Istanbul accueillera lundi une réunion ministérielle cruciale pour évaluer les perspectives du plan de paix proposé par Donald Trump pour Gaza. Le chef de la diplomatie turque, Hakan Fidan, a annoncé cette initiative, qui rassemblera des représentants de plusieurs pays arabes et musulmans.
Selon le ministère turc des Affaires étrangères, les ministres des Émirats arabes unis, du Qatar, de Jordanie, du Pakistan, d’Indonésie, d’Arabie saoudite et d’Égypte – dont la présence reste à confirmer – sont attendus à Istanbul, aux côtés de leur homologue turc. Ces responsables avaient déjà rencontré Donald Trump le 23 septembre dernier à New York, en marge de l’Assemblée générale des Nations unies.
« Un plan de paix a émergé, offrant une lueur d’espoir à tous », a déclaré M. Fidan lors d’une conférence de presse commune avec le ministre estonien des Affaires étrangères, Margus Tsahkna.

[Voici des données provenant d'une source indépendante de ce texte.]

Lemma enorm0 {m n : nat} : enorm (0 : 'M[R]_(m, n)) = 0.
Proof.
by rewrite /enorm big1 ?sqrtr0 // => i _; rewrite big1 // => j _; rewrite mxE expr0n.
Qed.

Lemma enorm_eq1_neq0 {m n : nat} {M : 'M[R]_(m, n)} : enorm M = 1 -> M != 0.
Proof. by apply: contra_eq_neq => ->; rewrite enorm0 eq_sym oner_neq0. Qed.

Lemma enorm_cV_sqr {n : nat} (v : 'cV[R]_n) : enorm v ^+ 2 = \sum_i v i 0 ^+ 2.
Proof. by rewrite enorm_cV sqr_sqrtr // sumr_ge0 // => i _; rewrite sqr_ge0. Qed.

Lemma enorm_gt0 {m n : nat} {M : 'M[R]_(m, n)} : M != 0 -> 0 < enorm M.
Proof.
case/matrix0Pn => i [j Mij]; rewrite sqrtr_gt0.
apply: lt_le_trans (ler_sum_term (fun k => \sum_j M k j ^+ 2) i _); last first.
  by move=> k; apply: sumr_ge0 => l _; apply: sqr_ge0.
apply: lt_le_trans (ler_sum_term (fun l => M i l ^+ 2) j _).
  by rewrite exprn_even_gt0.
by move=> l; apply: sqr_ge0.
Qed.

Lemma enormZ {n : nat} (a : R) (v : 'cV[R]_n) : enorm (a *: v) = `|a| * enorm v.
Proof.
rewrite !enorm_cV -sqrtr_sqr -sqrtrM ?sqr_ge0 // mulr_sumr.
by congr Num.sqrt; apply: eq_bigr => i _; rewrite mxE exprMn.
Qed.

Lemma enorm_le_norm1 {n : nat} (v : 'cV[R]_n) : enorm v <= norm1 v.
Proof.
rewrite enorm_cV -(ger0_norm (norm1_ge0 v)) -sqrtr_sqr ler_sqrt ?sqr_ge0 //.
rewrite expr2 mulr_suml; apply: ler_sum => i _.
rewrite -real_normK ?num_real // expr2 ler_wpM2l //.
exact: (ler_sum_term (fun j => `|v j 0|)).
Qed.

Lemma norm1_le_enorm {n : nat} (v : 'cV[R]_n) : norm1 v <= n%:R * enorm v.
Proof.
apply: norm1_le_const => i; rewrite enorm_cV -sqrtr_sqr ler_sqrt.
  by apply: (ler_sum_term (fun j => v j 0 ^+ 2)) => j; apply: sqr_ge0.
by apply: sumr_ge0 => j _; apply: sqr_ge0.
Qed.

Lemma enorm_mul_le {m n : nat} (M : 'M[R]_(m, n)) (v : 'cV[R]_n) :
  enorm (M *m v) <= mxnorm1 M * n%:R * enorm v.
Proof.
apply: le_trans (enorm_le_norm1 _) _; apply: le_trans (norm1_mul M v) _.
by rewrite -mulrA ler_wpM2l ?mxnorm1_ge0 ?norm1_le_enorm.
Qed.

End EuclideanNorm.

Lemma card_lt_notin {T : finType} {S : {set T}} {x : T} : x \notin S -> (#|S| < #|T|)%N.
Proof.
move=> xNS; rewrite -cardsT proper_card // properT.
by apply: contraNneq xNS => ->; rewrite inE.
Qed.

Section KernelLine.
Context {R : realType} {n : nat}.

Definition nonzero_offdiag (A : 'M[R]_n) : Prop := forall i j, i != j -> A i j != 0.

Lemma subcfg_degenerate (A : 'M[R]_n) (S : {set 'I_n}) (v : 'cV[R]_n) :
  nonneg v -> v != 0 -> supported v S ->
  (forall i, i \in S -> (A *m v) i 0 = 0) -> degenerate_mx (subcfg_mx A S).
Proof.
move=> v_ge0 v_neq0 vS Av_S.
exists (\col_a v (enum_val a) 0); split; last split.
- have /matrix0Pn[i [j vij]] := v_neq0; rewrite (ord1 j) in vij.
  have iS : i \in S by apply: contraT => /vS vi0; rewrite vi0 eqxx in vij.
  apply/eqP => /matrixP /(_ (enum_rank_in iS i) 0); rewrite !mxE enum_rankK_in //.
  by move/eqP; rewrite (negPf vij).
- by move=> a; rewrite mxE.
apply/matrixP => a j; rewrite (ord1 j) !mxE.
under eq_bigr do rewrite !mxE.
rewrite -(big_enum_val (fun x => A (enum_val a) x * v x 0)) /= big_mkcond /=.
rewrite -[RHS](Av_S (enum_val a) (enum_valP a)) mxE; apply: eq_bigr => x _.
by case: ifP => // /negbT /vS ->; rewrite mulr0.
Qed.

Context {A : 'M[R]_n}.
Hypotheses (A_mindeg : minimally_degenerate A) (A_offdiag : nonzero_offdiag A).

(* The support [S] of [v] is proper; it cannot have two or more points by
   minimality, nor a single point [i], as then [(A v) i0 = A i0 i * v i != 0]. *)
Lemma nonneg_kernel_gt0 {v : 'cV[R]_n} :
  nonneg v -> v != 0 -> A *m v = 0 -> forall i, 0 < v i 0.
Proof.
move=> v_ge0 v_neq0 Av i0; rewrite lt_neqAle v_ge0 andbT eq_sym.
apply/negP => /eqP vi0.
pose S := [set i | v i 0 != 0].
have vS : supported v S by move=> i; rewrite inE negbK => /eqP.
have i0NS : i0 \notin S by rewrite inE negbK vi0.
have /matrix0Pn[i [j vij]] := v_neq0; rewrite (ord1 j) in vij.
have iS : i \in S by rewrite inE.
have card_S_lt : (#|S| < n)%N by have := card_lt_notin i0NS; rewrite card_ord.
have card_S_gt0 : (0 < #|S|)%N by apply/card_gt0P; exists i.
case: (leqP 2 #|S|) => [card_S_ge2 | card_S_lt2].
  apply: A_mindeg.2 card_S_ge2 card_S_lt _.
  by apply: subcfg_degenerate v_ge0 v_neq0 vS _ => k _; rewrite Av mxE.
have /cards1P[k S_eq] : #|S| == 1%N by rewrite eqn_leq -ltnS card_S_lt2.
have /[!inE] vk : k \in S by rewrite S_eq set11.
have i0k : i0 != k by apply: contraNneq i0NS => ->; rewrite S_eq set11.
move/matrixP: Av => /(_ i0 0); rewrite !mxE (bigD1 k) //= big1 ?addr0.
  by move/eqP; rewrite mulf_eq0 (negPf (A_offdiag _ _ i0k)) (negPf vk).
by move=> l lk; rewrite vS ?mulr0 // S_eq in_set1.
Qed.

(* For a kernel vector [w], subtracting [t c] with [t = min w_j / c_j] leaves a
   nonnegative kernel vector with a zero entry, which must vanish. *)
Lemma kernel_line :
  exists c : 'cV[R]_n, (forall i, 0 < c i 0) /\ enorm c = 1 /\
    (forall v : 'cV[R]_n, A *m v = 0 <-> exists t : R, v = t *: c).
Proof.
have [v0 [v0_neq0 [v0_ge0 Av0]]] := A_mindeg.1.
have v0_gt0 := nonneg_kernel_gt0 v0_ge0 v0_neq0 Av0.
have v0_norm_gt0 := enorm_gt0 v0_neq0.
pose c := (enorm v0)^-1 *: v0.
have c_gt0 i : 0 < c i 0 by rewrite mxE mulr_gt0 ?invr_gt0.
have Ac : A *m c = 0 by rewrite -scalemxAr Av0 scaler0.
have c_unit : enorm c = 1 by rewrite enormZ ger0_norm ?invr_ge0 ?ltW // mulVf // gt_eqF.
clearbody c; exists c; do 2!split => //.
move=> w; split => [Aw | [t ->]]; last by rewrite -scalemxAr Ac scaler0.
have /matrix0Pn[i1 _] := v0_neq0.
have [j0 _ j0_min] := @arg_minP _ _ _ i1 predT (fun j => w j 0 / c j 0) erefl.
pose d := w - (w j0 0 / c j0 0) *: c.
have d_ge0 : nonneg d by move=> j; rewrite !mxE subr_ge0 -ler_pdivlMr // j0_min.
have Ad : A *m d = 0 by rewrite mulmxBr Aw -scalemxAr Ac scaler0 subrr.
have dj0 : d j0 0 = 0 by rewrite !mxE -mulrA mulVf ?gt_eqF // mulr1 subrr.
exists (w j0 0 / c j0 0); apply/eqP; rewrite -subr_eq0 -/d; apply: contraTT isT => d_neq0.
by have := nonneg_kernel_gt0 d_ge0 d_neq0 Ad j0; rewrite dj0 ltxx.
Qed.

End KernelLine.

Lemma positive_unit_span_eq {R : realType} {n : nat} (c c' : 'cV[R]_n) :
  (forall i, 0 < c i 0) -> (forall i, 0 < c' i 0) -> enorm c = 1 -> enorm c' = 1 ->
  (exists t, c' = t *: c) -> c' = c.
Proof.
move=> c_gt0 c'_gt0 c_unit c'_unit [t c'E].
have /matrix0Pn[i [j _]] := enorm_eq1_neq0 c_unit.
have t_gt0 : 0 < t by have := c'_gt0 i; rewrite c'E mxE pmulr_lgt0.
by move: c'_unit; rewrite c'E enormZ c_unit mulr1 gtr0_norm // => t1; rewrite t1 scale1r.
Qed.

Section KernelDeviation.
Context {R : realType} {n : nat}.

(* With [a = <u, c>]: [|u - s c|^2 = (1 - a^2) + (s - a)^2] and
   [|u - c|^2 = 2 (1 - a)], while [0 <= a <= 1]. *)
Lemma enorm_sub_unit_le (u c : 'cV[R]_n) (s : R) :
  enorm u = 1 -> enorm c = 1 -> 0 <= \sum_i u i 0 * c i 0 ->
  enorm (u - c) <= 2 * enorm (u - s *: c).
Proof.
move=> u_unit c_unit; set a := \sum_i _ => a_ge0.
have sqrE r : enorm (u - r *: c) ^+ 2 = 1 - 2 * r * a + r ^+ 2.
  transitivity (\sum_i u i 0 ^+ 2 - 2 * r * a + r ^+ 2 * \sum_i c i 0 ^+ 2).
    rewrite enorm_cV_sqr /a !mulr_sumr -sumrB -big_split /=.
    by apply: eq_bigr => i _; rewrite !mxE; ring.
  by rewrite -!enorm_cV_sqr u_unit c_unit expr1n mulr1.
have a_le1 : a <= 1.
  by have := sqr_ge0 (enorm (u - a *: c)); rewrite sqrE; nra.
have := sqrE s; have := sqrE 1; rewrite scale1r expr1n mulr1 => E1 Es.
rewrite -(ler_pXn2r (_ : 0 < 2)%N) ?nnegrE ?mulr_ge0 ?enorm_ge0 // exprMn E1 Es.
by have := sqr_ge0 (s - a); nra.
Qed.

Lemma unit_kernel_deviation {A : 'M[R]_n} {c : 'cV[R]_n} :
  nonneg c -> enorm c = 1 -> (forall v, A *m v = 0 <-> exists t, v = t *: c) ->
  exists C1 C2 : R, 0 < C1 /\ 0 < C2 /\ forall u, nonneg u -> enorm u = 1 ->
    C1 * enorm (A *m u) <= enorm (u - c) /\ enorm (u - c) <= C2 * enorm (A *m u).
Proof.
move=> c_ge0 c_unit kerA; have Ac : A *m c = 0 by apply/kerA; exists 1; rewrite scale1r.
have [Ck Ck_ge0 approx] := kernel_approx A.
have K_ge0 : 0 <= mxnorm1 A * n%:R by rewrite mulr_ge0 ?mxnorm1_ge0.
have Ckn_ge0 : 0 <= Ck * n%:R by rewrite mulr_ge0.
exists (mxnorm1 A * n%:R + 1)^-1, (2 * (Ck * n%:R) + 1).
split; first by rewrite invr_gt0 ltr_wpDl.
split; first by rewrite ltr_wpDl ?mulr_ge0.
move=> u u_ge0 u_unit; split.
  rewrite mulrC ler_pdivrMr ?ltr_wpDl //.
  have -> : A *m u = A *m (u - c) by rewrite mulmxBr Ac subr0.
  apply: le_trans (enorm_mul_le _ _) _.
  by rewrite mulrC ler_wpM2l ?enorm_ge0 // lerDl.
have [k Ak le_uk] := approx u; have [s kE] := (kerA k).1 Ak.
have le_us : enorm (u - s *: c) <= Ck * n%:R * enorm (A *m u).
  rewrite -kE; apply: le_trans (enorm_le_norm1 _) _; apply: le_trans le_uk _.
  by rewrite -mulrA ler_wpM2l // norm1_le_enorm.
apply: le_trans (enorm_sub_unit_le _ _ s u_unit c_unit _) _.
  by apply: sumr_ge0 => i _; rewrite mulr_ge0.
by have := enorm_ge0 (A *m u); nra.
Qed.

Lemma kernel_deviation (A : 'M[R]_n) (c : 'cV[R]_n) :
  nonneg c -> enorm c = 1 -> (forall v, A *m v = 0 <-> exists t, v = t *: c) ->
  exists C1 C2 : R, 0 < C1 /\ 0 < C2 /\
    forall l : 'cV[R]_n, l != 0 -> (forall i, 0 <= l i 0) ->
      C1 * (enorm (A *m l) / enorm l) <= enorm ((enorm l)^-1 *: l - c) /\
      enorm ((enorm l)^-1 *: l - c) <= C2 * (enorm (A *m l) / enorm l).
Proof.
move=> c_ge0 c_unit kerA.
have [C1 [C2 [C1_gt0 [C2_gt0 dev]]]] := unit_kernel_deviation c_ge0 c_unit kerA.
exists C1, C2; split=> //; split=> // l l_neq0 l_ge0.
have inv_ge0 : 0 <= (enorm l)^-1 by rewrite invr_ge0 enorm_ge0.
have -> : enorm (A *m l) / enorm l = enorm (A *m ((enorm l)^-1 *: l)).
  by rewrite -scalemxAr enormZ ger0_norm // mulrC.
apply: dev; first by move=> i; rewrite mxE mulr_ge0.
by rewrite enormZ ger0_norm // mulVf ?gt_eqF ?enorm_gt0.
Qed.

End KernelDeviation.

Section LargestEntries.
Context {R : realType} {n : nat}.

Lemma lmax_ge (l : 'cV[R]_n) i : l i 0 <= lmax l.
Proof. by rewrite /lmax (bigD1 i) //= le_max lexx. Qed.

Lemma lmax_eq0_or_attained (l : 'cV[R]_n) : lmax l = 0 \/ exists i, lmax l = l i 0.
Proof.
rewrite /lmax; elim/big_ind: _ => [|x y hx hy|i _]; [by left | | by right; exists i].
by rewrite maxEle; case: ifP.
Qed.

La réunion de lundi sera consacrée à l’examen des obstacles potentiels à la mise en œuvre de ce plan, aux défis à relever et aux prochaines étapes à envisager. Les discussions porteront également sur les relations avec les pays occidentaux et le soutien aux pourparlers en cours avec les États-Unis.

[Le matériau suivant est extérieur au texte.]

(* Let $P$ be a finite poset with height function $h$ and let $D\ge1$ be an integer. Then $$\mathsf{Z}_{P,Dh}(x)=\mathsf{Z}_{P,h}\big|_{q=q^D}\!\left(\frac{(1+(q-1)x)^D-1}{q^D-1}\right),$$ where $\mathsf{Z}_{P,h}|_{q=q^D}$ denotes the polynomial obtained from $\mathsf{Z}_{P,h}$ by replacing $q$ by $q^D$ in its coefficients.
   Context: $q$ is an indeterminate; $[n]_q=(q^n-1)/(q-1)$. A height function on a finite poset $P$ is $h:P\to\mathbb{N}$ with $h(x)<h(y)$ whenever $y$ covers $x$ (so $Dh$ is again one). The $q$-Zeta polynomial $\mathsf{Z}_{P,h}\in\mathbb{Q}(q)[x]$ is the unique polynomial with $\mathsf{Z}_{P,h}([n]_q)=\sum_{e_1\le\cdots\le e_{n-1}\text{ in }P}q^{h(e_1)+\cdots+h(e_{n-1})}$ for all integers $n\ge2$ (such a polynomial exists). *)

From HB Require Import structures.
From mathcomp Require Import all_boot all_order all_algebra.
From mathcomp Require Import generic_quotient fraction.
From Stdlib Require Import ClassicalEpsilon.
Set Implicit Arguments. Unset Strict Implicit. Unset Printing Implicit Defensive.
Import Order.TTheory GRing.Theory.
Local Open Scope ring_scope.

Definition Qq : fieldType := {fraction {poly rat}}.

Definition qv : Qq := tofrac ('X : {poly rat}).

Definition qint (n : nat) : Qq := (qv ^+ n - 1) / (qv - 1).

Definition covers (d : Order.disp_t) (P : finPOrderType d) (x y : P) : Prop :=
  (x < y)%O /\ ~ (exists z : P, (x < z)%O /\ (z < y)%O).

Definition is_height (d : Order.disp_t) (P : finPOrderType d) (h : P -> nat) : Prop :=
  forall x y : P, covers x y -> (h x < h y)%N.

Definition multichain_sum (d : Order.disp_t) (P : finPOrderType d) (h : P -> nat)
  (k : nat) : Qq :=
  \sum_(t : k.-tuple P | sorted (<=%O) (tval t)) qv ^+ (\sum_(e <- tval t) h e)%N.

Definition is_qZeta (d : Order.disp_t) (P : finPOrderType d) (h : P -> nat)
  (Z : {poly Qq}) : Prop :=
  forall n : nat, (2 <= n)%N -> Z.[qint n] = multichain_sum h n.-1.

Definition qZeta (d : Order.disp_t) (P : finPOrderType d) (h : P -> nat) : {poly Qq} :=
  epsilon (inhabits 0) (is_qZeta h).

Definition subst_qpow (D : nat) (f : Qq) : Qq :=
  let r := repr f in
  tofrac ((\n_r) \Po 'X^D) / tofrac ((\d_r) \Po 'X^D).

Definition qpow_arg (D : nat) : {poly Qq} :=
  ((1 + (qv - 1)%:P * 'X) ^+ D - 1) * ((qv ^+ D - 1)^-1)%:P.

(** The substitution q := q^D is the field endomorphism of Q(q) extending the
    injective ring map p |-> p(X^D) of Q[q].  It sends [n]_q to
    [n]_(q^D) = ((1 + (q - 1)[n]_q)^D - 1)/(q^D - 1) and the multichain sums of
    (P, h) to those of (P, D h), so the right-hand side has the defining property
    of Z_(P,Dh); a polynomial is determined by its values at the pairwise distinct
    [n]_q.

    As the q-Zeta polynomial is chosen by Hilbert's epsilon, its existence must be
    shown as well.  Let U_x(k) sum over the multichains of length k above x.
    Splitting off the first element gives
    U_x(k+1) = q^(h x) U_x(k) + sum_(y > x) q^(h y) U_y(k), and since h strictly
    increases along x < y, descending induction shows
    U_x(k) = sum_i c_i q^(a_i k) with all a_i >= h x: the particular solution only
    divides by q^a - q^(h x) with a > h x.  Finally q^k = rho([k+2]_q) for
    rho(x) = (1 + (q - 1) x)/q^2, so sum_i c_i rho^(a_i) interpolates. *)

From HB Require Import structures.
From mathcomp Require Import all_boot all_order all_algebra.
From mathcomp Require Import generic_quotient fraction ring.
From Stdlib Require Import ClassicalEpsilon.
Set Implicit Arguments. Unset Strict Implicit. Unset Printing Implicit Defensive.
Import Order.TTheory GRing.Theory.
Local Open Scope ring_scope.

Lemma tofrac_numden (R : idomainType) (x : {fraction R}) :
  x = tofrac \n_(repr x) / tofrac \d_(repr x).
Proof.
have d_neq0 : tofrac \d_(repr x) != 0 by rewrite tofrac_eq0 denom_ratioP.
apply: (canRL (mulfK d_neq0)).
rewrite -{1}[x]reprK; move: (repr x) => r; unlock tofrac; rewrite !piE.
apply/eqmodP; rewrite /= FracField.equivfE /FracField.mulf.
by rewrite !numden_Ratio ?mulf_neq0 ?oner_eq0 ?denom_ratioP // !mulr1 mulrC.
Qed.

Lemma tofrac_divP (R : idomainType) (x : {fraction R}) :
  exists a, exists2 b, b != 0 & x = tofrac a / tofrac b.
Proof. by exists \n_(repr x), \d_(repr x); [apply: denom_ratioP | apply: tofrac_numden]. Qed.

Hakan Fidan a par ailleurs accusé le Premier ministre israélien, Benyamin Nétanyahou, de chercher à « violer le cessez-le-feu [à Gaza] et de relancer le génocide sous les yeux du monde entier ». La Turquie a dépêché une équipe de 81 secouristes à Rafah pour participer aux recherches de corps, y compris ceux d’otages israéliens, mais leur entrée dans Gaza reste bloquée en attendant l’autorisation des autorités israéliennes.
« Notre diplomatie travaille intensivement », a insisté M. Fidan, ajoutant que « notre armée discute également de sa possible contribution à une force internationale » chargée de garantir le respect du cessez-le-feu. Cependant, M. Nétanyahou a revendiqué un droit de veto qui semble viser la Turquie, en raison de sa proximité perçue avec le Hamas.